** Records for the exercise follows **

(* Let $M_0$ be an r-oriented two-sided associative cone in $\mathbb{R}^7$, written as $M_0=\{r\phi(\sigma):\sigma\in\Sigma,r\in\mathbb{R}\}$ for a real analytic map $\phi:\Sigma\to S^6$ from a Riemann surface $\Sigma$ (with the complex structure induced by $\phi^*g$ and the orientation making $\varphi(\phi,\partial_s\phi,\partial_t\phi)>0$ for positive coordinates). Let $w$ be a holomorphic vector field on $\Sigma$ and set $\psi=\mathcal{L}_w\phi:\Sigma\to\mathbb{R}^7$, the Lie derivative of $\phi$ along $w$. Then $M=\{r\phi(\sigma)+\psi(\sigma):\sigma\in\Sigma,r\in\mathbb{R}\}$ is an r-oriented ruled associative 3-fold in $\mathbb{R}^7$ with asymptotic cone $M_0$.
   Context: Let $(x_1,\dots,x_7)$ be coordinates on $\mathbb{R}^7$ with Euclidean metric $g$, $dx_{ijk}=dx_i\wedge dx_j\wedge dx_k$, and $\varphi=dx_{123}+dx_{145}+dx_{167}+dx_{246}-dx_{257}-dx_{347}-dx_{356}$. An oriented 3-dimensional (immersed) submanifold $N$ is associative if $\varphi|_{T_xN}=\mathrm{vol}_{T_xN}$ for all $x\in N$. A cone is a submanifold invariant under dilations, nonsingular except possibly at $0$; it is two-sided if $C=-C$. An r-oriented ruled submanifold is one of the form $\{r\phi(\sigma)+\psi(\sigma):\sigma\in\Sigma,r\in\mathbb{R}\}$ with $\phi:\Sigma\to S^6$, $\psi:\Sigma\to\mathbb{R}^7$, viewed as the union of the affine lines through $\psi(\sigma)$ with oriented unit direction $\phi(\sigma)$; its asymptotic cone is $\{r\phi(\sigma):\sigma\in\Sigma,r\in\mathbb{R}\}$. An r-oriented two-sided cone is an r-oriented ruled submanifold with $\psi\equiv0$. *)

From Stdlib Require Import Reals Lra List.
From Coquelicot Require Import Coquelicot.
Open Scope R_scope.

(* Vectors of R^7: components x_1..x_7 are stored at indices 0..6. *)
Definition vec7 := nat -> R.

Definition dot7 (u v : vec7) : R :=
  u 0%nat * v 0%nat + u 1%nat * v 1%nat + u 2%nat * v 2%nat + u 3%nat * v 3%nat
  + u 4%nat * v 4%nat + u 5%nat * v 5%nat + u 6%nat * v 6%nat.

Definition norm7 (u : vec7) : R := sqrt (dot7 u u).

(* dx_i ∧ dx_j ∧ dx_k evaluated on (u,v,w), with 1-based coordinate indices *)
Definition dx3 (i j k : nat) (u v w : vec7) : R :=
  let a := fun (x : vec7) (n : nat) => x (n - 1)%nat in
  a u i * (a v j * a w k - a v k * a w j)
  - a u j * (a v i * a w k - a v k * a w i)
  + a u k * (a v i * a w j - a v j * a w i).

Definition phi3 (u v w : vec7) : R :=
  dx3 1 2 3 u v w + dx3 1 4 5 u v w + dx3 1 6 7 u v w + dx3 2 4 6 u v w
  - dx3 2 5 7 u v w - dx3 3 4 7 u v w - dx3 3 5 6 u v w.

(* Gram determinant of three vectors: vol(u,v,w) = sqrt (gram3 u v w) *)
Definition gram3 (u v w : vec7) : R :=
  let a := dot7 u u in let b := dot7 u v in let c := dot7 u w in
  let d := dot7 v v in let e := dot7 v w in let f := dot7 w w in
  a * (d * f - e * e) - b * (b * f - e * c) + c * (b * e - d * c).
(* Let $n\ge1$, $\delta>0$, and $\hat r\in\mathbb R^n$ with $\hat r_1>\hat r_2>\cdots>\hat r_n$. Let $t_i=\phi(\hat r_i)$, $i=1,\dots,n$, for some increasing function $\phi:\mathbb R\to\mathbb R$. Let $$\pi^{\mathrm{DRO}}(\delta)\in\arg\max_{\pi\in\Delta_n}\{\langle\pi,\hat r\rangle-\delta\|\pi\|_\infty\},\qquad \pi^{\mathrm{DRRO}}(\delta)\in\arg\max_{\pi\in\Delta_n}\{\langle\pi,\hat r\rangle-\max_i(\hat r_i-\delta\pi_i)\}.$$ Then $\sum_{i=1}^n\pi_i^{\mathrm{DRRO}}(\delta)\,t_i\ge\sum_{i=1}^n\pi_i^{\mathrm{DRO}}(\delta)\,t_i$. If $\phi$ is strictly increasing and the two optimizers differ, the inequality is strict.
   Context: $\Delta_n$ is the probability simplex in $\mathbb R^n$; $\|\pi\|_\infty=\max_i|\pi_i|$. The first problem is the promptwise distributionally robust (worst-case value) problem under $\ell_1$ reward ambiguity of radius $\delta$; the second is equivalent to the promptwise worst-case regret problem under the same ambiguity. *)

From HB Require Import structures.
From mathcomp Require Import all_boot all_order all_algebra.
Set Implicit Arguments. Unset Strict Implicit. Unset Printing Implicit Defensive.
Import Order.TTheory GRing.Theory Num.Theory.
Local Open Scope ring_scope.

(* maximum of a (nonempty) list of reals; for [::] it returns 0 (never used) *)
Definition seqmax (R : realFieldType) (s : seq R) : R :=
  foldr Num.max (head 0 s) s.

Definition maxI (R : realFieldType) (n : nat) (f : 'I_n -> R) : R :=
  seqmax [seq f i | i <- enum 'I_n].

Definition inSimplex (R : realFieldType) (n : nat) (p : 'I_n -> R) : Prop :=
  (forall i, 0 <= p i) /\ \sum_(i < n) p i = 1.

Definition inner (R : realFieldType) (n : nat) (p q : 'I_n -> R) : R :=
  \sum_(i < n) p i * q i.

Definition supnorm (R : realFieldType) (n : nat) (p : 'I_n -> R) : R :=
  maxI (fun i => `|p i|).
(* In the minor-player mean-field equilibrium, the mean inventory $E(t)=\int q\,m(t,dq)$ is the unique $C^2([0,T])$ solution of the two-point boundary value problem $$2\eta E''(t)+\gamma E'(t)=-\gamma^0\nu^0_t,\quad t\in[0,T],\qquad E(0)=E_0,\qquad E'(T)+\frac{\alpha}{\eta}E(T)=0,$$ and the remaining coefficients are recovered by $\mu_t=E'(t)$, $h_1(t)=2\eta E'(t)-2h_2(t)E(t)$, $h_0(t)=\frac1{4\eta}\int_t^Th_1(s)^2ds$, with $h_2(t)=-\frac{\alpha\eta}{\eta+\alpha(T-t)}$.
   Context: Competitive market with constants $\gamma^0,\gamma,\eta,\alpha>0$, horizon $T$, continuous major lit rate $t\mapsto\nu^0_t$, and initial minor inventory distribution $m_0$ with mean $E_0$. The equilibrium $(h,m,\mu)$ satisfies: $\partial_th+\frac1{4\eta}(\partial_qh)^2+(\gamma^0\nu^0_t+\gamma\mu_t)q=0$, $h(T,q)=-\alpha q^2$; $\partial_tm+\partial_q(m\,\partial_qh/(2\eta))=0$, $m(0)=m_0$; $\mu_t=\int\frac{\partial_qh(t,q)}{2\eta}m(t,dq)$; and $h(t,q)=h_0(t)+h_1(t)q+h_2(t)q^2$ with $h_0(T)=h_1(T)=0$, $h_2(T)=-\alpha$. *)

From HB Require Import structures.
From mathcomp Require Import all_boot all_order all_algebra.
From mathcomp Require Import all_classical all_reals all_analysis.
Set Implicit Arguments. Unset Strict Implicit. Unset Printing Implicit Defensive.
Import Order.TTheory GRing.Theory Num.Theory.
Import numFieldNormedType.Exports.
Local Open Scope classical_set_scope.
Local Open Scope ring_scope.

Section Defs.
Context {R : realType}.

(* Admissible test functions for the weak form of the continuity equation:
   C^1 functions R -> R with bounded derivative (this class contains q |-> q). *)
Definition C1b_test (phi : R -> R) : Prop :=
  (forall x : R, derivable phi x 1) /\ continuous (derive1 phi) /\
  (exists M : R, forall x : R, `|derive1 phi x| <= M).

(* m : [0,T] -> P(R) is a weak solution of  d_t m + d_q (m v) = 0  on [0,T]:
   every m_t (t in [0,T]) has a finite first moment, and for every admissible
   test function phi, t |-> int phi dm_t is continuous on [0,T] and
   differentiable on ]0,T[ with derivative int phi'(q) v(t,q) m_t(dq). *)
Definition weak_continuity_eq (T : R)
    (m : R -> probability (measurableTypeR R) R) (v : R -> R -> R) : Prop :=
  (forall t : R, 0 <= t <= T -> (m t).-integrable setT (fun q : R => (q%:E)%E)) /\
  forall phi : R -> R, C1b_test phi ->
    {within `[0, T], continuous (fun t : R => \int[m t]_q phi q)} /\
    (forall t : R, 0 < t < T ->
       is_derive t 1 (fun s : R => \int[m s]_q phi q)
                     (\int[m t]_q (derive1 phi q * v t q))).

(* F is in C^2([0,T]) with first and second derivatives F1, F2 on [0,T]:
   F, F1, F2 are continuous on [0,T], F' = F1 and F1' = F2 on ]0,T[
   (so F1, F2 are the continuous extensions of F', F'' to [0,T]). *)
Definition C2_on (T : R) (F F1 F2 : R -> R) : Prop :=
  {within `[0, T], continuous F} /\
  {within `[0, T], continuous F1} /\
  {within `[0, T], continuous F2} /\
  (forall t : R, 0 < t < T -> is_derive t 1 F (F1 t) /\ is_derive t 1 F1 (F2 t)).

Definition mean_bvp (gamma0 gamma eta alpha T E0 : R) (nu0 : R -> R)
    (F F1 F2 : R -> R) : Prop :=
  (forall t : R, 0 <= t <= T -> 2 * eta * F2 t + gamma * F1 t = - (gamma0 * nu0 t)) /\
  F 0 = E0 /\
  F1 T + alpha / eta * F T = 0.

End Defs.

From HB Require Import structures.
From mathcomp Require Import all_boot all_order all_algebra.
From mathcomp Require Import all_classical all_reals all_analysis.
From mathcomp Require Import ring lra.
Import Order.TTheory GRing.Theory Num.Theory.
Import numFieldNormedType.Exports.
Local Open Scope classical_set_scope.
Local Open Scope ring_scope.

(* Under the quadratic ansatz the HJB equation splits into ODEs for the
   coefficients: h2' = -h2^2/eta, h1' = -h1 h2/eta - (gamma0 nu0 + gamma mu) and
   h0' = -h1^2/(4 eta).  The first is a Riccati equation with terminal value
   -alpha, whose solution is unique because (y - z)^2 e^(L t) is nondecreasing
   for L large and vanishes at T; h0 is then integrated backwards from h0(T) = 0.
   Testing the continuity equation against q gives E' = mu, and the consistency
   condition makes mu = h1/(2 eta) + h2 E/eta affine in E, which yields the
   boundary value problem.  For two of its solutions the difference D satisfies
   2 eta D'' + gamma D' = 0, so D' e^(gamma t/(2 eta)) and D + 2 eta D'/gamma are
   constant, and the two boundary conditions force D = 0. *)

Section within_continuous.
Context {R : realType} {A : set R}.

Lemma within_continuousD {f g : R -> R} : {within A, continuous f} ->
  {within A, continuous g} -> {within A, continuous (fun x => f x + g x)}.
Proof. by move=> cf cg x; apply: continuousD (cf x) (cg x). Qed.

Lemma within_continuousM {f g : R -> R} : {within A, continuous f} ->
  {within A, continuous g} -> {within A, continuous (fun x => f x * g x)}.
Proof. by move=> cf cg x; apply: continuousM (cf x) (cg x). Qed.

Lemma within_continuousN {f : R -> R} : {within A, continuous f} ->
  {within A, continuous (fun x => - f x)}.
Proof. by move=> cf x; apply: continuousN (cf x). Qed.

** End of Records for the exercise **

Where the data above reaches the line holding "(* Vectors of", begin printing, and stop after the line holding "a * (d * f - e * e)". Each line must be reproduced exactly, with nothing else added.

(* Vectors of R^7: components x_1..x_7 are stored at indices 0..6. *)
Definition vec7 := nat -> R.

Definition dot7 (u v : vec7) : R :=
  u 0%nat * v 0%nat + u 1%nat * v 1%nat + u 2%nat * v 2%nat + u 3%nat * v 3%nat
  + u 4%nat * v 4%nat + u 5%nat * v 5%nat + u 6%nat * v 6%nat.

Definition norm7 (u : vec7) : R := sqrt (dot7 u u).

(* dx_i ∧ dx_j ∧ dx_k evaluated on (u,v,w), with 1-based coordinate indices *)
Definition dx3 (i j k : nat) (u v w : vec7) : R :=
  let a := fun (x : vec7) (n : nat) => x (n - 1)%nat in
  a u i * (a v j * a w k - a v k * a w j)
  - a u j * (a v i * a w k - a v k * a w i)
  + a u k * (a v i * a w j - a v j * a w i).

Definition phi3 (u v w : vec7) : R :=
  dx3 1 2 3 u v w + dx3 1 4 5 u v w + dx3 1 6 7 u v w + dx3 2 4 6 u v w
  - dx3 2 5 7 u v w - dx3 3 4 7 u v w - dx3 3 5 6 u v w.

(* Gram determinant of three vectors: vol(u,v,w) = sqrt (gram3 u v w) *)
Definition gram3 (u v w : vec7) : R :=
  let a := dot7 u u in let b := dot7 u v in let c := dot7 u w in
  let d := dot7 v v in let e := dot7 v w in let f := dot7 w w in
  a * (d * f - e * e) - b * (b * f - e * c) + c * (b * e - d * c).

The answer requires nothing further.